09:27pm Sunday 24 September 2017

Clinic removes barriers to rehabilitation

This will be Australia’s first telerehabilitation clinic, and among the first in the world.

It could be a truck driver with a bad back or a remote-area child struggling to speak or read. It could be a grandmother suffering from Parkinson’s disease or a sports competitor with a debilitating injury.

The possible beneficiaries of the ground-breaking University of Queensland Telerehabilitation Clinic are limited only by imagination – and certainly not by geography or mobility.

Professor Deborah Theodoros and Associate Professor Trevor Russell of the School of Health and Rehabilitation Sciences say this week’s launch of the $500,000 clinic heralds the latest step in the digital health revolution.

“More than a third of Australians live outside metropolitan areas, and they generally suffer poorer health and lower life expectancy than their city counterparts,” Professor Theodoros said.

“Poor access to timely and adequate healthcare leads to lower quality of life.

“Telerehabilitation combats this by reducing time and travel requirements, and connecting patients via telecommunication technology.

“From their home, school or community centre, people can access a service which has been developed by some of the world’s leading experts.”

The clinic will work with people suffering physical disability, musculoskeletal pain, and speech and language disorders.

It will be Australia’s first telerehabilitation clinic, and among the first in the world.

Research shows that assessments and therapy via telecommunication are equivalent to traditional clinical encounters,” Dr Russell said.

“All that patients require is a computer, iPad or laptop, as well as a reasonable internet connection such as ADSL or 3G mobile internet.
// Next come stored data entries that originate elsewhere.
(* [cycles15] covers K_15 minus the triangles of [leave_pairs], [cycles31]
   covers K_31 minus K_15, and [cycles32] decomposes K_{16,16} with parts
   [0, 16) and [16, 32); the [_in] lists give the corresponding inside cycles. *)
Definition cycles15 : seq (seq nat) :=
 [:: [:: 14; 4; 12; 11; 0; 9; 5; 8];
  [:: 8; 7; 11; 10; 9; 12; 0; 13];
  [:: 8; 9; 11; 13; 1; 4; 2; 0];
  [:: 0; 7; 1; 8; 12; 3; 14; 6];
  [:: 4; 9; 2; 1; 5; 14; 10; 13];
  [:: 13; 12; 1; 0; 14; 2; 5; 3];
  [:: 13; 14; 1; 3; 6; 9; 7; 5];
  [:: 5; 12; 6; 13; 2; 8; 4; 11];
  [:: 9; 14; 7; 6; 10; 4; 0; 3];
  [:: 3; 2; 6; 5; 4; 7; 10; 8];
  [:: 3; 4; 6; 8; 11; 14; 12; 10];
  [:: 10; 2; 11; 3; 7; 13; 9; 1]].
Definition cycles15_in : seq (seq nat) :=
 [:: [:: 14; 9; 12; 0; 8; 4; 5; 11];
  [:: 8; 9; 11; 0; 7; 13; 12; 10];
  [:: 8; 1; 9; 0; 4; 13; 2; 11];
  [:: 0; 1; 12; 14; 7; 6; 8; 3];
  [:: 4; 14; 2; 5; 13; 9; 10; 1];
  [:: 13; 14; 1; 5; 12; 3; 2; 0];
  [:: 13; 6; 14; 5; 9; 3; 7; 1];
  [:: 5; 6; 2; 4; 12; 11; 13; 8];
  [:: 9; 4; 7; 10; 3; 14; 0; 6];
  [:: 3; 4; 6; 10; 2; 8; 7; 5];
  [:: 3; 11; 4; 10; 14; 8; 12; 6];
  [:: 10; 11; 7; 9; 2; 1; 3; 13]].
Definition cycles31 : seq (seq nat) :=
 [:: [:: 17; 26; 16; 10; 21; 20; 24; 2];
  [:: 25; 28; 12; 20; 22; 8; 18; 13];
  [:: 3; 27; 14; 30; 15; 12; 29; 22];
  [:: 18; 27; 17; 11; 22; 21; 25; 3];
  [:: 26; 29; 13; 21; 23; 9; 19; 14];
  [:: 4; 28; 0; 30; 16; 13; 15; 23];
  [:: 19; 28; 18; 12; 23; 22; 26; 4];
  [:: 27; 15; 14; 22; 24; 10; 20; 0];
  [:: 5; 29; 1; 30; 17; 14; 16; 24];
  [:: 20; 29; 19; 13; 24; 23; 27; 5];
  [:: 28; 16; 0; 23; 25; 11; 21; 1];
  [:: 6; 15; 2; 30; 18; 0; 17; 25];
  [:: 21; 15; 20; 14; 25; 24; 28; 6];
  [:: 29; 17; 1; 24; 26; 12; 22; 2];
  [:: 7; 16; 3; 30; 19; 1; 18; 26];
  [:: 22; 16; 21; 0; 26; 25; 29; 7];
  [:: 15; 18; 2; 25; 27; 13; 23; 3];
  [:: 8; 17; 4; 30; 20; 2; 19; 27];
  [:: 23; 17; 22; 1; 27; 26; 15; 8];
  [:: 16; 19; 3; 26; 28; 14; 24; 4];
  [:: 9; 18; 5; 30; 21; 3; 20; 28];
  [:: 24; 18; 23; 2; 28; 27; 16; 9];
  [:: 17; 20; 4; 27; 29; 0; 25; 5];
  [:: 10; 19; 6; 30; 22; 4; 21; 29];
  [:: 25; 19; 24; 3; 29; 28; 17; 10];
  [:: 18; 21; 5; 28; 15; 1; 26; 6];
  [:: 11; 20; 7; 30; 23; 5; 22; 15];
  [:: 26; 20; 25; 4; 15; 29; 18; 11];
  [:: 19; 22; 6; 29; 16; 2; 27; 7];
  [:: 12; 21; 8; 30; 24; 6; 23; 16];
  [:: 27; 21; 26; 5; 16; 15; 19; 12];
  [:: 20; 23; 7; 15; 17; 3; 28; 8];
  [:: 13; 22; 9; 30; 25; 7; 24; 17];
  [:: 28; 22; 27; 6; 17; 16; 20; 13];
  [:: 21; 24; 8; 16; 18; 4; 29; 9];
  [:: 14; 23; 10; 30; 26; 8; 25; 18];
  [:: 29; 23; 28; 7; 18; 17; 21; 14];
  [:: 22; 25; 9; 17; 19; 5; 15; 10];
  [:: 0; 24; 11; 30; 27; 9; 26; 19];
  [:: 15; 24; 29; 8; 19; 18; 22; 0];
  [:: 23; 26; 10; 18; 20; 6; 16; 11];
  [:: 1; 25; 12; 30; 28; 10; 27; 20];
  [:: 16; 25; 15; 9; 20; 19; 23; 1];
  [:: 24; 27; 11; 19; 21; 7; 17; 12];
  [:: 2; 26; 13; 30; 29; 11; 28; 21]].
Definition cycles31_in : seq (seq nat) :=
 [:: [:: 17; 16; 20; 2; 21; 26; 10; 24];
  [:: 25; 8; 28; 22; 13; 20; 18; 12];
  [:: 3; 15; 27; 30; 12; 22; 14; 29];
  [:: 18; 17; 21; 3; 22; 27; 11; 25];
  [:: 26; 9; 29; 23; 14; 21; 19; 13];
  [:: 4; 16; 28; 30; 13; 23; 0; 15];
  [:: 19; 18; 22; 4; 23; 28; 12; 26];
  [:: 27; 10; 15; 24; 0; 22; 20; 14];
  [:: 5; 17; 29; 30; 14; 24; 1; 16];
  [:: 20; 19; 23; 5; 24; 29; 13; 27];
  [:: 28; 11; 16; 25; 1; 23; 21; 0];
  [:: 6; 18; 15; 30; 0; 25; 2; 17];
  [:: 21; 20; 24; 6; 25; 15; 14; 28];
  [:: 29; 12; 17; 26; 2; 24; 22; 1];
  [:: 7; 19; 16; 30; 1; 26; 3; 18];
  [:: 22; 21; 25; 7; 26; 16; 0; 29];
  [:: 15; 13; 18; 27; 3; 25; 23; 2];
  [:: 8; 20; 17; 30; 2; 27; 4; 19];
  [:: 23; 22; 26; 8; 27; 17; 1; 15];
  [:: 16; 14; 19; 28; 4; 26; 24; 3];
  [:: 9; 21; 18; 30; 3; 28; 5; 20];
  [:: 24; 23; 27; 9; 28; 18; 2; 16];
  [:: 17; 0; 20; 29; 5; 27; 25; 4];
  [:: 10; 22; 19; 30; 4; 29; 6; 21];
  [:: 25; 24; 28; 10; 29; 19; 3; 17];
  [:: 18; 1; 21; 15; 6; 28; 26; 5];
  [:: 11; 23; 20; 30; 5; 15; 7; 22];
  [:: 26; 25; 29; 11; 15; 20; 4; 18];
  [:: 19; 2; 22; 16; 7; 29; 27; 6];
  [:: 12; 24; 21; 30; 6; 16; 8; 23];
  [:: 27; 26; 15; 12; 16; 21; 5; 19];
  [:: 20; 3; 23; 17; 8; 15; 28; 7];
  [:: 13; 25; 22; 30; 7; 17; 9; 24];
  [:: 28; 27; 16; 13; 17; 22; 6; 20];
  [:: 21; 4; 24; 18; 9; 16; 29; 8];
  [:: 14; 26; 23; 30; 8; 18; 10; 25];
  [:: 29; 28; 17; 14; 18; 23; 7; 21];
  [:: 22; 5; 25; 19; 10; 17; 15; 9];
  [:: 0; 27; 24; 30; 9; 19; 11; 26];
  [:: 15; 29; 18; 0; 19; 24; 8; 22];
  [:: 23; 6; 26; 20; 11; 18; 16; 10];
  [:: 1; 28; 25; 30; 10; 20; 12; 27];
  [:: 16; 15; 19; 1; 20; 25; 9; 23];
  [:: 24; 7; 27; 21; 12; 19; 17; 11];
  [:: 2; 29; 26; 30; 11; 21; 13; 28]].
Definition cycles32 : seq (seq nat) :=
 [:: [:: 0; 16; 1; 17; 2; 18; 3; 19];
  [:: 0; 18; 1; 19; 2; 16; 3; 17];
  [:: 0; 20; 1; 21; 2; 22; 3; 23];
  [:: 0; 22; 1; 23; 2; 20; 3; 21];
  [:: 0; 24; 1; 25; 2; 26; 3; 27];
  [:: 0; 26; 1; 27; 2; 24; 3; 25];
  [:: 0; 28; 1; 29; 2; 30; 3; 31];
  [:: 0; 30; 1; 31; 2; 28; 3; 29];
  [:: 4; 16; 5; 17; 6; 18; 7; 19];
  [:: 4; 18; 5; 19; 6; 16; 7; 17];
  [:: 4; 20; 5; 21; 6; 22; 7; 23];
  [:: 4; 22; 5; 23; 6; 20; 7; 21];
  [:: 4; 24; 5; 25; 6; 26; 7; 27];
  [:: 4; 26; 5; 27; 6; 24; 7; 25];
  [:: 4; 28; 5; 29; 6; 30; 7; 31];
  [:: 4; 30; 5; 31; 6; 28; 7; 29];
  [:: 8; 16; 9; 17; 10; 18; 11; 19];
  [:: 8; 18; 9; 19; 10; 16; 11; 17];
  [:: 8; 20; 9; 21; 10; 22; 11; 23];
  [:: 8; 22; 9; 23; 10; 20; 11; 21];
  [:: 8; 24; 9; 25; 10; 26; 11; 27];
  [:: 8; 26; 9; 27; 10; 24; 11; 25];
  [:: 8; 28; 9; 29; 10; 30; 11; 31];
  [:: 8; 30; 9; 31; 10; 28; 11; 29];
  [:: 12; 16; 13; 17; 14; 18; 15; 19];
  [:: 12; 18; 13; 19; 14; 16; 15; 17];
  [:: 12; 20; 13; 21; 14; 22; 15; 23];
  [:: 12; 22; 13; 23; 14; 20; 15; 21];
  [:: 12; 24; 13; 25; 14; 26; 15; 27];
  [:: 12; 26; 13; 27; 14; 24; 15; 25];
  [:: 12; 28; 13; 29; 14; 30; 15; 31];
  [:: 12; 30; 13; 31; 14; 28; 15; 29]].
Definition cycles32_in : seq (seq nat) :=
 [:: [:: 0; 18; 1; 19; 2; 16; 3; 17];
  [:: 0; 16; 1; 17; 2; 18; 3; 19];
  [:: 0; 22; 1; 23; 2; 20; 3; 21];
  [:: 0; 20; 1; 21; 2; 22; 3; 23];
  [:: 0; 26; 1; 27; 2; 24; 3; 25];
  [:: 0; 24; 1; 25; 2; 26; 3; 27];
  [:: 0; 30; 1; 31; 2; 28; 3; 29];
  [:: 0; 28; 1; 29; 2; 30; 3; 31];
  [:: 4; 18; 5; 19; 6; 16; 7; 17];
  [:: 4; 16; 5; 17; 6; 18; 7; 19];
  [:: 4; 22; 5; 23; 6; 20; 7; 21];
  [:: 4; 20; 5; 21; 6; 22; 7; 23];
  [:: 4; 26; 5; 27; 6; 24; 7; 25];
  [:: 4; 24; 5; 25; 6; 26; 7; 27];
  [:: 4; 30; 5; 31; 6; 28; 7; 29];
  [:: 4; 28; 5; 29; 6; 30; 7; 31];
  [:: 8; 18; 9; 19; 10; 16; 11; 17];
  [:: 8; 16; 9; 17; 10; 18; 11; 19];
  [:: 8; 22; 9; 23; 10; 20; 11; 21];
  [:: 8; 20; 9; 21; 10; 22; 11; 23];
  [:: 8; 26; 9; 27; 10; 24; 11; 25];
  [:: 8; 24; 9; 25; 10; 26; 11; 27];
  [:: 8; 30; 9; 31; 10; 28; 11; 29];
  [:: 8; 28; 9; 29; 10; 30; 11; 31];
  [:: 12; 18; 13; 19; 14; 16; 15; 17];
  [:: 12; 16; 13; 17; 14; 18; 15; 19];
  [:: 12; 22; 13; 23; 14; 20; 15; 21];
  [:: 12; 20; 13; 21; 14; 22; 15; 23];
  [:: 12; 26; 13; 27; 14; 24; 15; 25];
  [:: 12; 24; 13; 25; 14; 26; 15; 27];
  [:: 12; 30; 13; 31; 14; 28; 15; 29];
  [:: 12; 28; 13; 29; 14; 30; 15; 31]].

Theorem lemma3p8 (n : nat) :
  15 <= n -> n %% 16 = 15 ->
  exists cs : seq (8.-tuple 'I_n), maximum_packing8 cs /\ almost_2perfect8 cs.
Proof.
move=> _ n_mod16; have -> : n = (16 * (n %/ 16) + 14).+1.
  by rewrite {1}(divn_eq n 16) n_mod16 mulnC addnS.
by apply: (@design_maximum_almost_2perfect _ cycles15 cycles15_in cycles31 cycles31_in
  cycles32 cycles32_in); vm_compute.
Qed.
“There will be some capacity for loans for individuals and community groups that don’t have suitable equipment.”

The clinic has been made possible in part by a $1 million philanthropic grant by The Bowness Family Foundation.

Mr Bill Bowness, now chairman of the Wilbow Group investment company, is a UQ graduate who overcame financial hardship and a severe stutter to forge a successful career.

The clinic will enhance the education of  health and rehabilitation science students by exposing them to the next generation of health care delivery.